WORK ORDER:
Where a line in the listing contains the string "elim", copy that line out.

EXCERPTED RECORDS:
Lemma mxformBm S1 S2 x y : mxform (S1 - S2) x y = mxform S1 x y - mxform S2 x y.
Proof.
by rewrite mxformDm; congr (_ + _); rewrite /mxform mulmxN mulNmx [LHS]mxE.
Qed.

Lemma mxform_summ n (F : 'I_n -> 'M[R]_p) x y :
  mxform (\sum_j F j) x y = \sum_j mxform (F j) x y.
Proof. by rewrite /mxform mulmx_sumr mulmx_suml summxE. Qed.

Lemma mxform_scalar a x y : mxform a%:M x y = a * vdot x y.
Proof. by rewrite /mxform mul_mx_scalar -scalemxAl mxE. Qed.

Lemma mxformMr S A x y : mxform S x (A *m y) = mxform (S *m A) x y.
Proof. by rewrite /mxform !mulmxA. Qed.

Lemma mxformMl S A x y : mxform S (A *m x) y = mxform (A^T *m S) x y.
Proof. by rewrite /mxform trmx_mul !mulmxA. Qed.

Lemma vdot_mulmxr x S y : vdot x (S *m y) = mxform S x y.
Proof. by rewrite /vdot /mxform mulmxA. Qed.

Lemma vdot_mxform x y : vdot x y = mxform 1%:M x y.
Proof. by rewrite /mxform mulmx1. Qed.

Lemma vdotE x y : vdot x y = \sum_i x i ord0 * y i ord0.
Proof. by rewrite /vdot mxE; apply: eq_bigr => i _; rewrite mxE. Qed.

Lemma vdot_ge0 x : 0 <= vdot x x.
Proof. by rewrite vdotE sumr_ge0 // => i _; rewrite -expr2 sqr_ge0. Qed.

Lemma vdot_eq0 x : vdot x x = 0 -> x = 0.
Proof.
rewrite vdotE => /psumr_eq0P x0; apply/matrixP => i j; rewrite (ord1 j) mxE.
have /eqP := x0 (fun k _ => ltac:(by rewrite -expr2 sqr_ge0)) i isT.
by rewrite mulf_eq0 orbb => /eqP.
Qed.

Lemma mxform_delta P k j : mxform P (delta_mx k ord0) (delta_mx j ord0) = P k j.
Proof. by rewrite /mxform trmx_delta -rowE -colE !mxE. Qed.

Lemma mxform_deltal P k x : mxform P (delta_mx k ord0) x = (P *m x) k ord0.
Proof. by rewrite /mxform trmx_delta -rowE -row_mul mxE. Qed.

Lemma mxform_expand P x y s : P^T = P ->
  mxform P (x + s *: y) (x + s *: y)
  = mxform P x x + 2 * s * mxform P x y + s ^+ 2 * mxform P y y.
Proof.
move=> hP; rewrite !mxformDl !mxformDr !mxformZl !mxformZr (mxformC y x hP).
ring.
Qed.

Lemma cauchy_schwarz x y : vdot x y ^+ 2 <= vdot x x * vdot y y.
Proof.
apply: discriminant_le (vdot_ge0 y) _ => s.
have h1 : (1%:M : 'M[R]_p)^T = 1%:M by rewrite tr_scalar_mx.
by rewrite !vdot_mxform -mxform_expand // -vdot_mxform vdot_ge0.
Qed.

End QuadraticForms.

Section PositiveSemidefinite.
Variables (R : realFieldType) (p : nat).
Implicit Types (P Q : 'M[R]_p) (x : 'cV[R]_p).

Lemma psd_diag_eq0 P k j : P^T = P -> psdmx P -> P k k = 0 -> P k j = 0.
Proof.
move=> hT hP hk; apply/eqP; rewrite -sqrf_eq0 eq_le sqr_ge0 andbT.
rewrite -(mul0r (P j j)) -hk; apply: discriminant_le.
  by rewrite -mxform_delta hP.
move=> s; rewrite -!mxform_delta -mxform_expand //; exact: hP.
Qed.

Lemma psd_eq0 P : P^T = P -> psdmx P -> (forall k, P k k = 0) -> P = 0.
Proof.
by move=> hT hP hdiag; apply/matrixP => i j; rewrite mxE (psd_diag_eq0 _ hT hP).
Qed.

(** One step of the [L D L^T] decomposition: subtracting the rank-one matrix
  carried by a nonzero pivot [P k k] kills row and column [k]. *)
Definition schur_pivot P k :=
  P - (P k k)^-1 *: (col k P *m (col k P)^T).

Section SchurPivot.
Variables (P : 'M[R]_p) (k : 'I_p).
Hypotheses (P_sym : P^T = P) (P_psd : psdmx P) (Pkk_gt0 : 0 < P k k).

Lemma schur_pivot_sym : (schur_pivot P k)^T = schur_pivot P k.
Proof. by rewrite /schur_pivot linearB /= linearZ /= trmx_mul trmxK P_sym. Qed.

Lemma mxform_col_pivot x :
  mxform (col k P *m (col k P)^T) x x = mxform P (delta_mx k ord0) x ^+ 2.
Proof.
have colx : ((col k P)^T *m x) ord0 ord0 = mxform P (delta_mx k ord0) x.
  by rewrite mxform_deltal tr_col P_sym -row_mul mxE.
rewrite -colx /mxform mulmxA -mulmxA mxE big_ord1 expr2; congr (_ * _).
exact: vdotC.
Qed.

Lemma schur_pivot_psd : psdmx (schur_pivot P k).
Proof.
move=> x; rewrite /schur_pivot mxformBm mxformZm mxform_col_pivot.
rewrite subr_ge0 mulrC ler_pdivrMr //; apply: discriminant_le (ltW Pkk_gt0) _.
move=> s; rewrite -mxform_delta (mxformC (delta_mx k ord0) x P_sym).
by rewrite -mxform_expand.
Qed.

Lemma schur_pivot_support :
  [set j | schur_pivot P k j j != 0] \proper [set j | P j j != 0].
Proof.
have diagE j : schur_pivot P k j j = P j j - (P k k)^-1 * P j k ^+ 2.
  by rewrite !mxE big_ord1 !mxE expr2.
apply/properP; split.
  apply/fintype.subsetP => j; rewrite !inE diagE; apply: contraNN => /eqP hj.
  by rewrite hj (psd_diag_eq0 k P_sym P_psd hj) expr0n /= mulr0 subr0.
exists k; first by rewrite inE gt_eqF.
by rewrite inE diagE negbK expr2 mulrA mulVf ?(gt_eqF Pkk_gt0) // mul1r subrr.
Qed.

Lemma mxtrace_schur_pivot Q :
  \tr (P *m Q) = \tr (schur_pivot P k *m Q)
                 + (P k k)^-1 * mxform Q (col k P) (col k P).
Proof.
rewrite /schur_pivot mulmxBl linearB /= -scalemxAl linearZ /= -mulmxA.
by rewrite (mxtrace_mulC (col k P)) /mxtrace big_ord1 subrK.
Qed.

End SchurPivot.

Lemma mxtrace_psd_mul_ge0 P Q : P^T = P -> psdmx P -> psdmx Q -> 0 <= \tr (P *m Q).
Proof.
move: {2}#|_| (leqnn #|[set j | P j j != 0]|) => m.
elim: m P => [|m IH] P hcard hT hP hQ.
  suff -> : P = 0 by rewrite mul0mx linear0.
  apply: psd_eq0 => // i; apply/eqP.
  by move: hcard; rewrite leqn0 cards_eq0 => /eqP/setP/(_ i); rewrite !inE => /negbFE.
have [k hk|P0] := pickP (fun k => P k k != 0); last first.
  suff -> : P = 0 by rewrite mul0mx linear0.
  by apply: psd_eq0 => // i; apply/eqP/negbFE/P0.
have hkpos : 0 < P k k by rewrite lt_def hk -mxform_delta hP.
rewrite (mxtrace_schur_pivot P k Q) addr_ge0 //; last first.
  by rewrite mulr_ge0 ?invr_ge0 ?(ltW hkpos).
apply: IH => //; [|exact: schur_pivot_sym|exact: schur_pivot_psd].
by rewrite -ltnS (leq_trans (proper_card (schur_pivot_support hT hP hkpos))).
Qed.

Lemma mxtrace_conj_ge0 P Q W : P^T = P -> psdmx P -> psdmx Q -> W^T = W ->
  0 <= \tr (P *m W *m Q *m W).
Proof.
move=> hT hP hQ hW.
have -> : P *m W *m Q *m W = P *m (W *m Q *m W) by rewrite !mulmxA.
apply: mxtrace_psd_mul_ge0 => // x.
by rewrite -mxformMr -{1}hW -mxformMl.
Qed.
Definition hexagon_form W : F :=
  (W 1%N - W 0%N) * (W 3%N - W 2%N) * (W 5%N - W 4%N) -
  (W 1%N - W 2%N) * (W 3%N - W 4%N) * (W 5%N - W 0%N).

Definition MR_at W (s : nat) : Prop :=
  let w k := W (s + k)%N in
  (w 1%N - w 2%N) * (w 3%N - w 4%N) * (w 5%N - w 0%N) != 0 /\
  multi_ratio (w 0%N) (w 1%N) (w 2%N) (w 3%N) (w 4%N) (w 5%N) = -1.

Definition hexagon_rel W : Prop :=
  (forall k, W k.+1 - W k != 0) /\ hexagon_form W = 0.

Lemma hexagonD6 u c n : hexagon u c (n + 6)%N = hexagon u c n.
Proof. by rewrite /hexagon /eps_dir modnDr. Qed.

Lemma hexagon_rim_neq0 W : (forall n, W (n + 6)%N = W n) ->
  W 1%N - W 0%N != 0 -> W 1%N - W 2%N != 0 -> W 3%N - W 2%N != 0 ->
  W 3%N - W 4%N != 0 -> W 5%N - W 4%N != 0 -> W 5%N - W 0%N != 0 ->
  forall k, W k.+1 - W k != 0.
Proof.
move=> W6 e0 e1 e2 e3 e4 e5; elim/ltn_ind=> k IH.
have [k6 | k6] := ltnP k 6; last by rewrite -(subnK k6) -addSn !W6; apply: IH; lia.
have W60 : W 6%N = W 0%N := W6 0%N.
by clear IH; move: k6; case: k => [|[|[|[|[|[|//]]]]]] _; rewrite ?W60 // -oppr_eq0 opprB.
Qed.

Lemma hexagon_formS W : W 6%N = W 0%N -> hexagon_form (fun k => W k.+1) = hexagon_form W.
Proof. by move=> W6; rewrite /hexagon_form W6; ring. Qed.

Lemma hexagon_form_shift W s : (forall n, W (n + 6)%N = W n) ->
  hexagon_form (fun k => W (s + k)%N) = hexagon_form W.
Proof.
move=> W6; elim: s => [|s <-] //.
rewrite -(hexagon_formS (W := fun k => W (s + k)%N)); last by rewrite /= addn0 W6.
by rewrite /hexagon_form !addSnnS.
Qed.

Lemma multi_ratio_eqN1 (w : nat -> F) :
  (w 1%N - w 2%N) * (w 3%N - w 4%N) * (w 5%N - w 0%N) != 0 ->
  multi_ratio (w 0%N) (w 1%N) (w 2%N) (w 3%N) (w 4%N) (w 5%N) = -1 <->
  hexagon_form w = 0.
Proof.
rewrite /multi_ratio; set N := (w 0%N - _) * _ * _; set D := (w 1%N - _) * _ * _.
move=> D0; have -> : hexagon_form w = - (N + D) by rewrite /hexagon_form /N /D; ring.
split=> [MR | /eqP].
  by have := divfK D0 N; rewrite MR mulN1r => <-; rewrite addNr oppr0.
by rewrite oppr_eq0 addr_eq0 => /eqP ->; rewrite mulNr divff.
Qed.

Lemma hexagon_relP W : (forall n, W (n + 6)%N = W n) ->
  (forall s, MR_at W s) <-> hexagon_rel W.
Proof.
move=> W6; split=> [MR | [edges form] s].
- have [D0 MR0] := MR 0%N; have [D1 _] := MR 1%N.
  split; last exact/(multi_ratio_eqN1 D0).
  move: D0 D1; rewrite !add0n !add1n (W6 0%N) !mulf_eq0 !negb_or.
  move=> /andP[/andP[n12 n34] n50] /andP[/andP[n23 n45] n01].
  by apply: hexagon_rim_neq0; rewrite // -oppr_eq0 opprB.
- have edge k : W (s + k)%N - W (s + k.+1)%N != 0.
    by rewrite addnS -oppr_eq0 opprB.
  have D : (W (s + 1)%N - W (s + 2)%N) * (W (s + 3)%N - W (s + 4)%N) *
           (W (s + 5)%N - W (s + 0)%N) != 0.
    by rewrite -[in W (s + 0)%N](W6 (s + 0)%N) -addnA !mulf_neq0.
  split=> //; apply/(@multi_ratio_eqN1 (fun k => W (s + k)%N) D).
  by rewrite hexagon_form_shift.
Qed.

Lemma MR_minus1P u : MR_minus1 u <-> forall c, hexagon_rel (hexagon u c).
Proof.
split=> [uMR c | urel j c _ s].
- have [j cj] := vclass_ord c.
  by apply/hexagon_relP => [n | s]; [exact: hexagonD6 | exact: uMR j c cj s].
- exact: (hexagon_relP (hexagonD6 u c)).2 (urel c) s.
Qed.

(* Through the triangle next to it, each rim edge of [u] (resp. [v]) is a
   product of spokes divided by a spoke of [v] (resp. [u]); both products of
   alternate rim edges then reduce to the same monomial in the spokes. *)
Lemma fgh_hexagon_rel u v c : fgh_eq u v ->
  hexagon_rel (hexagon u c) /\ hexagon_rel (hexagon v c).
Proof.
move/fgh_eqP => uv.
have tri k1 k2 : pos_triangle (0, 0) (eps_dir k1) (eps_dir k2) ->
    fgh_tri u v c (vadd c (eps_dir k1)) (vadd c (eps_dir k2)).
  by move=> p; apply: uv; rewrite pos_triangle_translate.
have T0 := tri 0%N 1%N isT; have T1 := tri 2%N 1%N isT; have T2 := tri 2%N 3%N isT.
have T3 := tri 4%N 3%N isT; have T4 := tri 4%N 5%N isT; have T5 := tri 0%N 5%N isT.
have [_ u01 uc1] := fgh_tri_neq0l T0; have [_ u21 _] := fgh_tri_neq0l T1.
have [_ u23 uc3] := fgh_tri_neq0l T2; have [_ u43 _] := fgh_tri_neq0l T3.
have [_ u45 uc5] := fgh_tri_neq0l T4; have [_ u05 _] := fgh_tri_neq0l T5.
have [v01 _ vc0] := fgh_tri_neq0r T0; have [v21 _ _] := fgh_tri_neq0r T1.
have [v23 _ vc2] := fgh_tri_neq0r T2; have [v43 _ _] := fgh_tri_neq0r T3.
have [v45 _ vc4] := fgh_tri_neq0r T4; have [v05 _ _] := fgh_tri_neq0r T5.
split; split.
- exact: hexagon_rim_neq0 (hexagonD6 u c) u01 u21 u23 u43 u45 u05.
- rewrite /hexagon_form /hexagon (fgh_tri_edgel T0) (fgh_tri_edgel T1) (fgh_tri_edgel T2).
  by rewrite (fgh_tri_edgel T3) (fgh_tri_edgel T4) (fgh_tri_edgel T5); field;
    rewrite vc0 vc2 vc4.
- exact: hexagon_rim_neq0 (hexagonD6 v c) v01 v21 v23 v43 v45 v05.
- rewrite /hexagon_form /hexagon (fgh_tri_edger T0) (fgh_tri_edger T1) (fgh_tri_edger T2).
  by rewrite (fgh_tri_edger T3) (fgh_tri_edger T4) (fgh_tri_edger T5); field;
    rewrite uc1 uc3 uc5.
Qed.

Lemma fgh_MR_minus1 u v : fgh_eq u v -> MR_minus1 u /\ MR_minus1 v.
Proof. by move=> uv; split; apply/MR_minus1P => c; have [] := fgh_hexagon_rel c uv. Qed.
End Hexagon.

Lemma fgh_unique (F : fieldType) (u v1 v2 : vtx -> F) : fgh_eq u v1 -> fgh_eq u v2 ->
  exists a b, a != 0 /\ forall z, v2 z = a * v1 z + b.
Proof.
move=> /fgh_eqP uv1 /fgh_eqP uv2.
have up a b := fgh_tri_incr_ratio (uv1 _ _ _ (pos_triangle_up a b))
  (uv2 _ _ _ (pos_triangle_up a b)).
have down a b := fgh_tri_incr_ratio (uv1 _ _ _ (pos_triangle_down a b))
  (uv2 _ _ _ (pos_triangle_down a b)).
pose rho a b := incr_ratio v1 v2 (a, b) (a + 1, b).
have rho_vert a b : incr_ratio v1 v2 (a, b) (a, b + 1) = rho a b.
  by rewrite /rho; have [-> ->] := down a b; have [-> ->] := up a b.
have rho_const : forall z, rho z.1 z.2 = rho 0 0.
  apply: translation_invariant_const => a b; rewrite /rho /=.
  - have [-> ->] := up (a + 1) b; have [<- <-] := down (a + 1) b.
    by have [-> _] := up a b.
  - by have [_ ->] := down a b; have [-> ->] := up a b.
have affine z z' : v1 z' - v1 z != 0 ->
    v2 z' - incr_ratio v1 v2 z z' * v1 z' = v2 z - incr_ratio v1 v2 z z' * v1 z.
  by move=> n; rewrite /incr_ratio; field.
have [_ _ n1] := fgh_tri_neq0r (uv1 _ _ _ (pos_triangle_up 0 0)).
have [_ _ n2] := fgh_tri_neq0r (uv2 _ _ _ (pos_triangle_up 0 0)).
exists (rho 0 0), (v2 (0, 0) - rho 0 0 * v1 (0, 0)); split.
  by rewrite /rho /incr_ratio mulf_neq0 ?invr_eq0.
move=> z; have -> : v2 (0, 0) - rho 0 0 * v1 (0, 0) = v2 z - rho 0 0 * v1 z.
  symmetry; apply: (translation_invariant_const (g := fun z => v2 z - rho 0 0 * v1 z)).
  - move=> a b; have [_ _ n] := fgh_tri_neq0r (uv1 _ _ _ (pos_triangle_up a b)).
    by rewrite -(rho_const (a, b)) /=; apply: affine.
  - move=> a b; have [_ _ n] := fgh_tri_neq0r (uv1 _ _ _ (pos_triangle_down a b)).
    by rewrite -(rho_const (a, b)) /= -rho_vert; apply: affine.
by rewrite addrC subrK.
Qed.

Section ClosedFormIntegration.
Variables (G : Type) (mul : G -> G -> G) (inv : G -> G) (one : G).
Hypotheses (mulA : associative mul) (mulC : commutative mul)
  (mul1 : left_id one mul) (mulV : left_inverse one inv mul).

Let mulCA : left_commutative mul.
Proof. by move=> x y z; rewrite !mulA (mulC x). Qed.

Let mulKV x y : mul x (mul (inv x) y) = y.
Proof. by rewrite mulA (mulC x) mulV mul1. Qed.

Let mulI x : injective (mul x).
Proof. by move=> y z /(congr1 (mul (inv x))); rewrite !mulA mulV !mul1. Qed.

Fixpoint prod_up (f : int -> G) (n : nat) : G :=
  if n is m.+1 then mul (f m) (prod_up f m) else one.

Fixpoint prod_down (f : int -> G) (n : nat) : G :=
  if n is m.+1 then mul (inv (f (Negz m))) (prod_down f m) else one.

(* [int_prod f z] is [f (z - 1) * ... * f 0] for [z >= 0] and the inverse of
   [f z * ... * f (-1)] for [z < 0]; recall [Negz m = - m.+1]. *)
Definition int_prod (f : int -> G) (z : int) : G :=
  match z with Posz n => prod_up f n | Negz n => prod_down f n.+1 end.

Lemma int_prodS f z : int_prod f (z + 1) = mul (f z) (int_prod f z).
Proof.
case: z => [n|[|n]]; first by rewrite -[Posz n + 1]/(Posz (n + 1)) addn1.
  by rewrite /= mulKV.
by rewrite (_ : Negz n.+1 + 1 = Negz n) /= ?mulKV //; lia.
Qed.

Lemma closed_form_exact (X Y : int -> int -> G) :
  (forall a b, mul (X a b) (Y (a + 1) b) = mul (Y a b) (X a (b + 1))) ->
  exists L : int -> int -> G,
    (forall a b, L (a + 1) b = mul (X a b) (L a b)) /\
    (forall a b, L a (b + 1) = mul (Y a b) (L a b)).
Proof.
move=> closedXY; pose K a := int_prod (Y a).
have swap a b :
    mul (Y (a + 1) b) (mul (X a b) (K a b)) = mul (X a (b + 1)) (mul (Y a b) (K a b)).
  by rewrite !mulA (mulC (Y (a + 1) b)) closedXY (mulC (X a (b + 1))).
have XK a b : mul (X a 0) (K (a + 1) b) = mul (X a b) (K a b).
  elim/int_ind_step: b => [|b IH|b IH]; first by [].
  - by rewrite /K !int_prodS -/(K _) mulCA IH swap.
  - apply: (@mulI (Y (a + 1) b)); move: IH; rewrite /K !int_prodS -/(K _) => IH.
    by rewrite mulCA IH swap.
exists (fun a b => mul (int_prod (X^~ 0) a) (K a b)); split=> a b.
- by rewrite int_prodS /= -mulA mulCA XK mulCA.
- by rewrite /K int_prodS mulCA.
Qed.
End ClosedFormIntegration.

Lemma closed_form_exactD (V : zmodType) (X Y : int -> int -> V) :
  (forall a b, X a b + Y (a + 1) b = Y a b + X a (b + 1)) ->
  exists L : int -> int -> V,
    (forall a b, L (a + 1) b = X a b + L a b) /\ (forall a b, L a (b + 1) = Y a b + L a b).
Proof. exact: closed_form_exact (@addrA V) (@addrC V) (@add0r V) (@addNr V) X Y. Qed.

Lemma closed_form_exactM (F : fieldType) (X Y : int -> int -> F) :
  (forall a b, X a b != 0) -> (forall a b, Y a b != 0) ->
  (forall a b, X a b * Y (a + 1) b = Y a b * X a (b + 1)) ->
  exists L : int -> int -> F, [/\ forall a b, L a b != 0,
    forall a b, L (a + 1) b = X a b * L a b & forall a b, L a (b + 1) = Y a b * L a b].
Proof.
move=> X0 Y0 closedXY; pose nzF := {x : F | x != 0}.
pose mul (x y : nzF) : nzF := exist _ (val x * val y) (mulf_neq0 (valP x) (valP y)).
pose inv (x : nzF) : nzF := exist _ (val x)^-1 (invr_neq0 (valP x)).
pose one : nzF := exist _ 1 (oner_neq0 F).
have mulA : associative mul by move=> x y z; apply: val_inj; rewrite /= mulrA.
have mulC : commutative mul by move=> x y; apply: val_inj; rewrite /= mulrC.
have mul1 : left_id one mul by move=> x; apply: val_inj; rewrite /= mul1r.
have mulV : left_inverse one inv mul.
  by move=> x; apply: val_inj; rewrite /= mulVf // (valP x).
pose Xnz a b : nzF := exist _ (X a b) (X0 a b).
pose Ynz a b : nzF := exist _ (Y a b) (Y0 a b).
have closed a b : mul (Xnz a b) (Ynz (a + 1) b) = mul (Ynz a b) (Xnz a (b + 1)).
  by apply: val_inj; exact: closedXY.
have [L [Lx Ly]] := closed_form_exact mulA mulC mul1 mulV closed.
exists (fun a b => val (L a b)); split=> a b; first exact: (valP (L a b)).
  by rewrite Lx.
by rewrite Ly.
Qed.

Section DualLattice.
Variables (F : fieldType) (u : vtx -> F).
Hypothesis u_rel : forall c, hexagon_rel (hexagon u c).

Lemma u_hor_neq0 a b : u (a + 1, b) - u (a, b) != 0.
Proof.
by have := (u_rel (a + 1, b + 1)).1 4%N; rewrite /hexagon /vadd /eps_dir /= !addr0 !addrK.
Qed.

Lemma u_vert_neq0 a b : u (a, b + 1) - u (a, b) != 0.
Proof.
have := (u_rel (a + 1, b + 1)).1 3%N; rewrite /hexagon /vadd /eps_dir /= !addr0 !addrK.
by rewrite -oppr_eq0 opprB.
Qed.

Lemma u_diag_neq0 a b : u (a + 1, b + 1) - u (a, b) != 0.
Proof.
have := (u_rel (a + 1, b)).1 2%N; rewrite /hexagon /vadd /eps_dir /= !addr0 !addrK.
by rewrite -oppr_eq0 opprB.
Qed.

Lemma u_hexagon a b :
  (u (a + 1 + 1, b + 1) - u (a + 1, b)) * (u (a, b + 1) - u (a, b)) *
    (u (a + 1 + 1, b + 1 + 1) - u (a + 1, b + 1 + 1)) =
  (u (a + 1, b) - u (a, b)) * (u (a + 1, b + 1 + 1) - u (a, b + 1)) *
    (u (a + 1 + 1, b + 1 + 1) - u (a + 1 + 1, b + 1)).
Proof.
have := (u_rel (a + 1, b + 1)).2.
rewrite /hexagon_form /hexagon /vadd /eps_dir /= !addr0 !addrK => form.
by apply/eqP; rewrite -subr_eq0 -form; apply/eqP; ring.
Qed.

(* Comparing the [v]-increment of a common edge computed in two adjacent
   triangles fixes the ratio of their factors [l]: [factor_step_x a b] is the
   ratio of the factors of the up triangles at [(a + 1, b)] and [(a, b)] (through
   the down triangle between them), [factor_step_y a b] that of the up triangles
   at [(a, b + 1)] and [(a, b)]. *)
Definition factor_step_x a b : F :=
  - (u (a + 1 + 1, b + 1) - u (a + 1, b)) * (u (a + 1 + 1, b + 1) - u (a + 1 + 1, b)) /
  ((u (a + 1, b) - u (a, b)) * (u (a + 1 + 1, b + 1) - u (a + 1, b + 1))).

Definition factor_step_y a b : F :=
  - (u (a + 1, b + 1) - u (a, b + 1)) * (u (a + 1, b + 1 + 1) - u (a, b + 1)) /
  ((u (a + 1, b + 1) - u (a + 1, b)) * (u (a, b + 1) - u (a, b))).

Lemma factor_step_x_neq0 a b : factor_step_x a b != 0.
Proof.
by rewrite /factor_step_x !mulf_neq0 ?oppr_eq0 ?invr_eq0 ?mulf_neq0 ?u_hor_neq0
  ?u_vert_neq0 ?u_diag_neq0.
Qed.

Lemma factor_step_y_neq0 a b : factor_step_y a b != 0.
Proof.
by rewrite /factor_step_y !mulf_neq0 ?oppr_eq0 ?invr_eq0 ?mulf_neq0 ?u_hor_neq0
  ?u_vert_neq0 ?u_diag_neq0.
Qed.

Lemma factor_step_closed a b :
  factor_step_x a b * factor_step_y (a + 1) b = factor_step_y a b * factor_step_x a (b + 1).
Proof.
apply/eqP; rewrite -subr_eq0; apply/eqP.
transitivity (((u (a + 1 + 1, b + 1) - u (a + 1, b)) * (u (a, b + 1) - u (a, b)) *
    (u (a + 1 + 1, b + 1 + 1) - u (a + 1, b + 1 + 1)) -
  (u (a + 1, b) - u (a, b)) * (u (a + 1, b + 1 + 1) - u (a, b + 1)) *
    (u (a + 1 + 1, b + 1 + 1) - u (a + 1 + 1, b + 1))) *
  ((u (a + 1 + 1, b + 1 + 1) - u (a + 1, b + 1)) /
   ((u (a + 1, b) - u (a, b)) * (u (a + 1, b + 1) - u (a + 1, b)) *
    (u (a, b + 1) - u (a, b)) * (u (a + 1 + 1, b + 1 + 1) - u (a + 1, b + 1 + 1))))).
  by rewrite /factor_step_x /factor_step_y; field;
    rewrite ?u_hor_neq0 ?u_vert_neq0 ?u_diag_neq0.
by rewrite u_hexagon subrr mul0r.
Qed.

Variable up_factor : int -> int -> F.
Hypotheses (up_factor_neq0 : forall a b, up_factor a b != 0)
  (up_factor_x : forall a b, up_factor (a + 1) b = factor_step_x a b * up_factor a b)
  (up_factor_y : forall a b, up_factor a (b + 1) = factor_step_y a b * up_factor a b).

EXERCISE RESULT:
elim: m P => [|m IH] P hcard hT hP hQ.
move=> W6 e0 e1 e2 e3 e4 e5; elim/ltn_ind=> k IH.
move=> W6; elim: s => [|s <-] //.
  elim/int_ind_step: b => [|b IH|b IH]; first by [].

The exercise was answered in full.